Analyst · Macquarie.

Good morning gentlemen.

Christopher Oddleifson

Analyst · Macquarie.

Good morning, Tom.

Tom Alonso

Analyst · Macquarie.

Just a quick – you guys called out the 10/31 exchange is driving some of the deposit growth this quarter, could you sort of size that for us, I guess, is it – the best way to look at it, sort of the increase in your interest earning deposits with other banks, is that probably a way to think about what came in for 1031 and could potentially flow back out?

Rob Cozzone

Analyst · Macquarie.

It’s actually much lower than that. It’s close to $100 million. So we had very strong growth in other core – more core categories and more longer term stable deposit categories as well.

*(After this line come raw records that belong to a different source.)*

(* Let $\mathfrak g=\mathfrak k\oplus\mathfrak m$ be a Pauli-spanned Cartan decomposition and let $b_1,\dots,b_d\in\tilde{\mathfrak m}$ be pairwise commuting Pauli strings (spanning an Abelian subalgebra $\mathfrak b\subseteq\mathfrak m$) all lying in the same connected component of the frustration graph of $\mathfrak g$. If for some $2\le r\le d$ both $\tilde{\mathfrak k}^{r-1}_{1\dots r-2}$ and $\tilde{\mathfrak k}^r_{1\dots r-1}$ are non-empty, then $|\tilde{\mathfrak k}^{r-1}_{1\dots r-2}|>|\tilde{\mathfrak k}^r_{1\dots r-1}|$.
   Context: Pauli strings on $n$ qubits are tensor products of $I,X,Y,Z$, not all identity; two Pauli strings either commute or anticommute. A Pauli-spanned Cartan decomposition is $\mathfrak g=\mathfrak k\oplus\mathfrak m\subseteq\mathfrak{su}(2^n)$ with $\mathfrak k=\mathrm{span}_{i\mathbb R}\tilde{\mathfrak k}$, $\mathfrak m=\mathrm{span}_{i\mathbb R}\tilde{\mathfrak m}$, $\mathfrak g=\mathrm{span}_{i\mathbb R}\tilde{\mathfrak g}$ with $\tilde{\mathfrak g}=\tilde{\mathfrak k}\sqcup\tilde{\mathfrak m}$ the set of all Pauli strings (up to phase) $\sigma$ with $i\sigma\in\mathfrak g$, and $[\mathfrak k,\mathfrak k]\subseteq\mathfrak k$, $[\mathfrak m,\mathfrak m]\subseteq\mathfrak k$, $[\mathfrak k,\mathfrak m]\subseteq\mathfrak m$. The frustration graph of $\mathfrak g$ has vertex set $\tilde{\mathfrak g}$, with edges between anticommuting pairs. For disjoint index lists, $\tilde{\mathfrak k}^{i_1i_2\dots}_{j_1j_2\dots}$ is the set of $k\in\tilde{\mathfrak k}$ anticommuting with every $b_{i_p}$ and commuting with every $b_{j_q}$ (no condition on other indices). *)

From mathcomp Require Import all_boot.
Set Implicit Arguments. Unset Strict Implicit. Unset Printing Implicit Defensive.

(* A Pauli string on n qubits, up to phase: at each qubit a pair (x,z) of bits,
   (false,false)=I, (true,false)=X, (true,true)=Y, (false,true)=Z. *)
Definition pauli (n : nat) := {ffun 'I_n -> bool * bool}.

(* the all-identity string (not a Pauli string in the paper's sense) *)
Definition pid (n : nat) : pauli n := [ffun => (false, false)].

Definition anticomm (n : nat) (s t : pauli n) : bool :=
  odd #|[set i : 'I_n | ((s i).1 && (t i).2) (+) ((s i).2 && (t i).1)]|.

Definition pmul (n : nat) (s t : pauli n) : pauli n :=
  [ffun i => ((s i).1 (+) (t i).1, (s i).2 (+) (t i).2)].

(* Pauli-spanned Cartan decomposition g = k (+) m, given by the sets of Pauli
   strings ktil, mtil spanning k and m.  For Pauli strings s,t one has
   [is, it] = 0 if they commute and [is,it] = +-2 i (s t) otherwise, with s t a
   Pauli string up to phase; since Pauli strings form a basis, the bracket
   inclusions [k,k] <= k, [m,m] <= k, [k,m] <= m are exactly the closure
   conditions below. *)
Definition pauli_cartan (n : nat) (ktil mtil : {set pauli n}) : Prop :=
  [/\ pid n \notin ktil, pid n \notin mtil & [disjoint ktil & mtil]] /\
  [/\ {in ktil &, forall a b, anticomm a b -> pmul a b \in ktil},
      {in mtil &, forall a b, anticomm a b -> pmul a b \in ktil} &
      {in ktil & mtil, forall a b, anticomm a b -> pmul a b \in mtil}].

Definition frust (n : nat) (gtil : {set pauli n}) : rel (pauli n) :=
  fun a b => [&& a \in gtil, b \in gtil & anticomm a b].

(* ktil^{A}_{C}: elements of ktil anticommuting with every b_i (i in A)
   and commuting with every b_j (j in C) *)
Definition ksub (n d : nat) (ktil : {set pauli n}) (b : 'I_d -> pauli n)
    (A C : {set 'I_d}) : {set pauli n} :=
  [set k in ktil | [forall i in A, anticomm k (b i)] &&
                   [forall j in C, ~~ anticomm k (b j)]].

From mathcomp Require Import all_boot zify.
Set Implicit Arguments. Unset Strict Implicit. Unset Printing Implicit Defensive.

(* Pauli strings up to phase form the symplectic space F_2^(2n): [pmul] is the
   addition and [anticomm] the symplectic form, and a Pauli-spanned Lie algebra
   is a set closed under products of anticommuting strings.  In such a set the
   frustration graph has components of diameter at most two.  Writing a = b_(r-1)
   and c = b_r, a common neighbour of a and c, combined with elements of the two
   non-empty sets, yields k_s in ktil anticommuting with a and c and commuting
   with b_1, ..., b_(r-2).  Then k |-> k k_s if k anticommutes with k_s, and
   k |-> k c k_s a otherwise, injects ktil^r_(1..r-1) into
   ktil^(r-1)_(1..r-2) minus k_s. *)

Lemma odd_card_addb (T : finType) (P Q : pred T) :
  odd #|[set i | P i (+) Q i]| = odd #|[set i | P i]| (+) odd #|[set i | Q i]|.
Proof.
have card_sum (R : pred T) : #|[set i | R i]| = \sum_i R i.
  by rewrite -sum1_card big_mkcond; apply: eq_bigr => i _; rewrite inE; case: (R i).
suff E : #|[set i | P i (+) Q i]| + (#|[set i | P i && Q i]|).*2
         = #|[set i | P i]| + #|[set i | Q i]|.
  by rewrite -oddD -E oddD odd_double addbF.
rewrite -addnn !card_sum -!big_split; apply: eq_bigr => i _.
by case: (P i); case: (Q i).
Qed.

Section PauliAlgebra.
Variable n : nat.
Implicit Types s t u : pauli n.

Lemma anticommC s t : anticomm s t = anticomm t s.
Proof.
congr odd; apply: eq_card => i; rewrite !inE.
by case: (s i) => [[] []]; case: (t i) => [[] []].
Qed.

Lemma anticommxx s : anticomm s s = false.
Proof.
rewrite /anticomm (_ : [set i | _] = set0) ?cards0 //.
by apply/setP => i; rewrite !inE; case: (s i) => [[] []].
Qed.

Lemma anticommMl s t u : anticomm (pmul s t) u = anticomm s u (+) anticomm t u.
Proof.
rewrite /anticomm -odd_card_addb; congr odd; apply: eq_card => i.
rewrite !inE !ffunE /=.
by case: (s i) => [[] []]; case: (t i) => [[] []]; case: (u i) => [[] []].
Qed.

Lemma anticommMr s t u : anticomm u (pmul s t) = anticomm u s (+) anticomm u t.
Proof. by rewrite anticommC anticommMl !(anticommC u). Qed.

Lemma pmulC s t : pmul s t = pmul t s.
Proof. by apply/ffunP => i; rewrite !ffunE addbC [X in (_, X)]addbC. Qed.

Lemma pmulK t : cancel (fun s => pmul s t) (fun s => pmul s t).
Proof.
by move=> s; apply/ffunP => i; rewrite !ffunE /= -!addbA !addbb !addbF; case: (s i).
Qed.

Lemma pmulI t : injective (fun s => pmul s t).
Proof. exact: can_inj (pmulK t). Qed.

End PauliAlgebra.

Definition anticomm_closed (n : nat) (g : {set pauli n}) : Prop :=
  {in g &, forall s t, anticomm s t -> pmul s t \in g}.

Section ClosedSet.
Variables (n : nat) (g : {set pauli n}).
Hypothesis g_closed : anticomm_closed g.

Lemma frust_connect_diam2 u v : connect (frust g) u v ->
  [\/ v = u, anticomm u v | exists2 w, w \in g & anticomm w u && anticomm w v].
Proof.
case/connectP=> p; elim/last_ind: p v => [|p y IH] v /=.
  by move=> _ ->; constructor 1.
rewrite rcons_path last_rcons => /andP[/IH/(_ erefl){}IH /and3P[xg yg xy]] ->{v}.
set x := last u p in IH xg xy *.
case uy: (anticomm u y); [by constructor 2 | constructor 3].
case: IH => [xu | ux | [w wg /andP[wu wx]]].
- by rewrite -xu xy in uy.
- by exists x; rewrite // anticommC ux.
case wy: (anticomm w y); first by exists w; rewrite // wu.
case ux: (anticomm u x); first by exists x; rewrite // anticommC ux.
by exists (pmul w x); [apply: g_closed | rewrite !anticommMl wu wy xy anticommC ux].
Qed.

Lemma closed_witness_adjust u v w : u \in g -> w \in g ->
    anticomm w u -> anticomm v u ->
  exists2 w', w' \in g &
    anticomm w' v /\ forall t, ~~ anticomm u t -> anticomm w' t = anticomm w t.
Proof.
move=> ug wg wu; rewrite anticommC => uv; case wv: (anticomm w v); first by exists w.
exists (pmul w u); first exact: g_closed.
by split=> [|t /negbTE ut]; rewrite anticommMl ?wv ?uv ?ut ?addbF.
Qed.

Lemma pmul3_closed w y1 y2 y3 : w \in g -> [&& y1 \in g, y2 \in g & y3 \in g] ->
    [&& anticomm w y1, anticomm w y2 & anticomm w y3] ->
    ~~ [|| anticomm y1 y2, anticomm y1 y3 | anticomm y2 y3] ->
  pmul (pmul y1 y2) y3 \in g.
Proof.
move=> wg /and3P[y1g y2g y3g] /and3P[wy1 wy2 wy3].
rewrite !negb_or => /and3P[/negbTE y12 /negbTE y13 /negbTE y23].
(* y1 w, y2 y1 w and y3 y2 y1 w lie in g in turn, and w anticommutes with the last *)
have g1 : pmul y1 w \in g by apply: g_closed; rewrite // anticommC.
have g2 : pmul y2 (pmul y1 w) \in g.
  by apply: g_closed; rewrite // anticommMr anticommC y12 anticommC wy2.
have g3 : pmul y3 (pmul y2 (pmul y1 w)) \in g.
  by apply: g_closed; rewrite // !anticommMr !(anticommC y3) y13 y23 wy3.
have g4 := g_closed wg g3; rewrite !anticommMr wy1 wy2 wy3 anticommxx in g4.
suff -> : pmul (pmul y1 y2) y3 = pmul w (pmul y3 (pmul y2 (pmul y1 w))) by exact: g4.
apply/ffunP => i; rewrite !ffunE /=.
by case: (w i) => [[] []]; case: (y1 i) => [[] []]; case: (y2 i) => [[] []];
  case: (y3 i) => [[] []].
Qed.

End ClosedSet.

Lemma cartan_closed n (ktil mtil : {set pauli n}) :
    anticomm_closed ktil ->
    {in mtil &, forall s t, anticomm s t -> pmul s t \in ktil} ->
    {in ktil & mtil, forall s t, anticomm s t -> pmul s t \in mtil} ->
  anticomm_closed (ktil :|: mtil).
Proof.
move=> kk mm km s t /setUP[sk|sm] /setUP[tk|tm] st; apply/setUP.
- by left; apply: kk.
- by right; apply: km.
- by right; rewrite pmulC; apply: km; rewrite // anticommC.
- by left; apply: mm.
Qed.

Lemma ksubP n d (ktil : {set pauli n}) (b : 'I_d -> pauli n) (A C : {set 'I_d}) k :
  reflect [/\ k \in ktil, {in A, forall i, anticomm k (b i)}
            & {in C, forall j, anticomm k (b j) = false}]
          (k \in ksub ktil b A C).
Proof.
rewrite inE; apply: (iffP and3P) => [[kk /forall_inP kA /forall_inP kC] |[kk kA kC]].
  by split=> // j /kC /negbTE.
by split=> //; apply/forall_inP => // j /kC ->.
Qed.

Section CartanCount.
Variables (n d : nat) (ktil mtil : {set pauli n}) (b : 'I_d -> pauli n).
Hypothesis k_closed : anticomm_closed ktil.
Hypothesis mm_k : {in mtil &, forall s t, anticomm s t -> pmul s t \in ktil}.
Hypothesis km_m : {in ktil & mtil, forall s t, anticomm s t -> pmul s t \in mtil}.
Hypothesis b_m : forall i, b i \in mtil.
Hypothesis b_comm : forall i j, ~~ anticomm (b i) (b j).

Let bC i j : anticomm (b i) (b j) = false := negbTE (b_comm i j).

Variables (i1 i2 : 'I_d) (C : {set 'I_d}).
Local Notation a := (b i1).
Local Notation c := (b i2).
Local Notation K1 := (ksub ktil b [set i1] C).
Local Notation K2 := (ksub ktil b [set i2] (i1 |: C)).
Local Notation Ks := (ksub ktil b [set i1; i2] C).

Lemma exists_anticomm_pair : K1 != set0 -> K2 != set0 ->
    connect (frust (ktil :|: mtil)) a c ->
  exists2 x, x \in ktil :|: mtil &
    [/\ anticomm x a, anticomm x c & {in C, forall j, anticomm x (b j) = false}].
Proof.
have g_closed := cartan_closed k_closed mm_k km_m.
have gk s : s \in ktil -> s \in ktil :|: mtil by move=> sk; rewrite inE sk.
have gb j : b j \in ktil :|: mtil by rewrite inE b_m orbT.
case/set0Pn => k1 /ksubP[k1k /(_ i1 (set11 _)) k1a k1C].
case/set0Pn => k2 /ksubP[k2k /(_ i2 (set11 _)) k2c k2C] ac.
have k2a := k2C i1 (setU11 _ _).
have {}k2C j : j \in C -> anticomm k2 (b j) = false by move=> jC; apply/k2C/setU1r.
case k1c: (anticomm k1 c); first by exists k1; rewrite ?gk.
case k12: (anticomm k1 k2).
  exists (pmul k1 k2); first by rewrite gk ?k_closed.
  by split=> [||j jC]; rewrite anticommMl ?k1a ?k2a ?k1c ?k2c ?k1C ?k2C.
case: (frust_connect_diam2 g_closed ac) => [ca | | [w wg /andP[wa wc]]].
- by rewrite -ca k2c in k2a.
- by rewrite bC.
have [wC | ] := boolP [forall j in C, ~~ anticomm w (b j)].
  by exists w => //; split=> // j jC; apply/negbTE/(forall_inP wC).
(* Otherwise w anticommutes with some b_j, j in C; adjusting w by a and c gives a
   common neighbour of the commuting k1, k2, b_j, which puts k1 k2 b_j in g. *)
rewrite negb_forall_in => /exists_inP[j jC /negbNE wj].
have [w1 w1g [w1k1 w1a]] := closed_witness_adjust g_closed (gb i1) wg wa k1a.
have w1c : anticomm w1 c by rewrite w1a ?b_comm.
have [w2 w2g [w2k2 w2c]] := closed_witness_adjust g_closed (gb i2) w1g w1c k2c.
have w2k1 : anticomm w2 k1 by rewrite w2c ?w1k1 // anticommC k1c.
have w2j : anticomm w2 (b j) by rewrite w2c ?w1a ?b_comm.
exists (pmul (pmul k1 k2) (b j)).
  apply: (pmul3_closed g_closed w2g);
  by rewrite ?gb ?gk ?w2k1 ?w2k2 ?w2j ?k12 ?k1C ?k2C.
by split=> [||j' jC']; rewrite !anticommMl ?k1a ?k2a ?k1c ?k2c ?k1C ?k2C ?bC.
Qed.

Lemma ksub_pair_nonempty : K1 != set0 -> K2 != set0 ->
  connect (frust (ktil :|: mtil)) a c -> Ks != set0.
Proof.
move=> K1n K2n ac; have [x xg [xa xc xC]] := exists_anticomm_pair K1n K2n ac.
apply/set0Pn; case/setUP: xg => [xk | xm].
  by exists x; apply/ksubP; split=> // i /set2P[]->.
exists (pmul x a); apply/ksubP; split; first exact: mm_k xm (b_m _) xa.
  by move=> i /set2P[]->; rewrite anticommMl ?anticommxx ?bC addbF.
by move=> j jC; rewrite anticommMl xC ?bC.
Qed.

Lemma card_ksub_lt ks : ks \in Ks -> #|K2| < #|K1|.
Proof.
case/ksubP=> ksk ksac ksC.
have ksa := ksac i1 (set21 _ _); have ksc := ksac i2 (set22 _ _).
have ksK1 : ks \in K1 by apply/ksubP; split=> // i /set1P->.
pose f k := if anticomm k ks then pmul k ks else pmul (pmul (pmul k c) ks) a.
have f_ks k : anticomm (f k) ks = anticomm k ks.
  rewrite /f; case: ifP => kks; rewrite !anticommMl anticommxx ?kks //.
  by rewrite anticommC ksc anticommC ksa.
have fK k : k \in K2 -> f k \in K1 :\ ks.
  case/ksubP=> kk /(_ i2 (set11 _)) kc kC.
  have ka := kC i1 (setU11 _ _).
  have {}kC j : j \in C -> anticomm k (b j) = false by move=> jC; apply/kC/setU1r.
  have fc : anticomm (f k) c = false.
    by rewrite /f; case: ifP => _; rewrite !anticommMl kc ksc ?anticommxx ?bC.
  rewrite in_setD1; apply/andP; split; first by apply: contraFneq fc => ->.
  apply/ksubP; rewrite /f; case: ifP => kks; split=> [|i /set1P->|j jC];
    rewrite ?anticommMl ?ka ?ksa ?kC ?ksC ?bC ?anticommxx //.
  - exact: k_closed.
  apply: mm_k; rewrite ?b_m // ?anticommMl ?ka ?ksa ?bC //.
  by rewrite pmulC; apply: km_m; rewrite ?km_m ?b_m // anticommMr anticommC kks ksc.
have f_inj : {in K2 &, injective f}.
  move=> k k' _ _ ff'; have e : anticomm k ks = anticomm k' ks by rewrite -f_ks ff' f_ks.
  by move: ff'; rewrite /f e; case: ifP => _; [move/pmulI | move/pmulI/pmulI/pmulI].
rewrite (cardsD1 ks K1) ksK1 add1n ltnS -(card_in_imset f_inj).
by apply/subset_leq_card/subsetP => _ /imsetP[k kK2 ->]; apply: fK.
Qed.

End CartanCount.

Theorem lemmaC3 (n d : nat) (ktil mtil : {set pauli n})
    (b : 'I_d -> pauli n) (r : nat) :
  pauli_cartan ktil mtil ->
  (forall i, b i \in mtil) ->
  (forall i j, ~~ anticomm (b i) (b j)) ->
  (forall i j, connect (frust (ktil :|: mtil)) (b i) (b j)) ->
  2 <= r <= d ->
  let K1 := ksub ktil b [set i : 'I_d | i.+1 == r - 1]
                        [set i : 'I_d | i.+1 <= r - 2] in
  let K2 := ksub ktil b [set i : 'I_d | i.+1 == r]
                        [set i : 'I_d | i.+1 <= r - 1] in
  K1 != set0 -> K2 != set0 ->
  #|K2| < #|K1|.
Proof.
move=> [_ [kk mm km]] bm bcomm bconn /andP[r2 rd].
have lt1 : r - 2 < d by lia.
have lt2 : r - 1 < d by lia.
pose i1 := Ordinal lt1; pose i2 := Ordinal lt2.
have E1 : [set i : 'I_d | i.+1 == r - 1] = [set i1].
  by apply/setP => i; rewrite !inE -val_eqE /=; apply/eqP/eqP; lia.
have E2 : [set i : 'I_d | i.+1 == r] = [set i2].
  by apply/setP => i; rewrite !inE -val_eqE /=; apply/eqP/eqP; lia.
have EC : [set i : 'I_d | i.+1 <= r - 1] = i1 |: [set i : 'I_d | i.+1 <= r - 2].
  apply/setP => i; rewrite !inE -val_eqE /= (_ : r - 1 = (r - 2).+1) ?ltnS; last by lia.
  by rewrite leq_eqVlt.
rewrite E1 E2 EC /= => K1n K2n.
have /set0Pn[ks ksK] := ksub_pair_nonempty kk mm km bm bcomm K1n K2n (bconn i1 i2).
exact: (card_ksub_lt kk mm km bm bcomm ksK).
Qed.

It was a very good quarter for deposit growth.

Tom Alonso

Analyst · Macquarie.

Okay, great. So about $100 million is the number for that, perfect. Okay. Thanks guys.

Rob Cozzone

Analyst · Macquarie.

Thanks Tom.

Operator

Operator

This concludes our question-and-answer session. I would like to turn the call back over to Christopher Oddleifson for any closing remarks.

Christopher Oddleifson

Analyst

Thanks, Chad and thank you everybody for joining us and we look forward to giving you an update in three months. Have a good rest of the summer. Bye.

Rob Cozzone

Analyst

Thank you.

Operator

Operator

The conference is now concluded. Thank you for attending today’s presentation. You may now disconnect.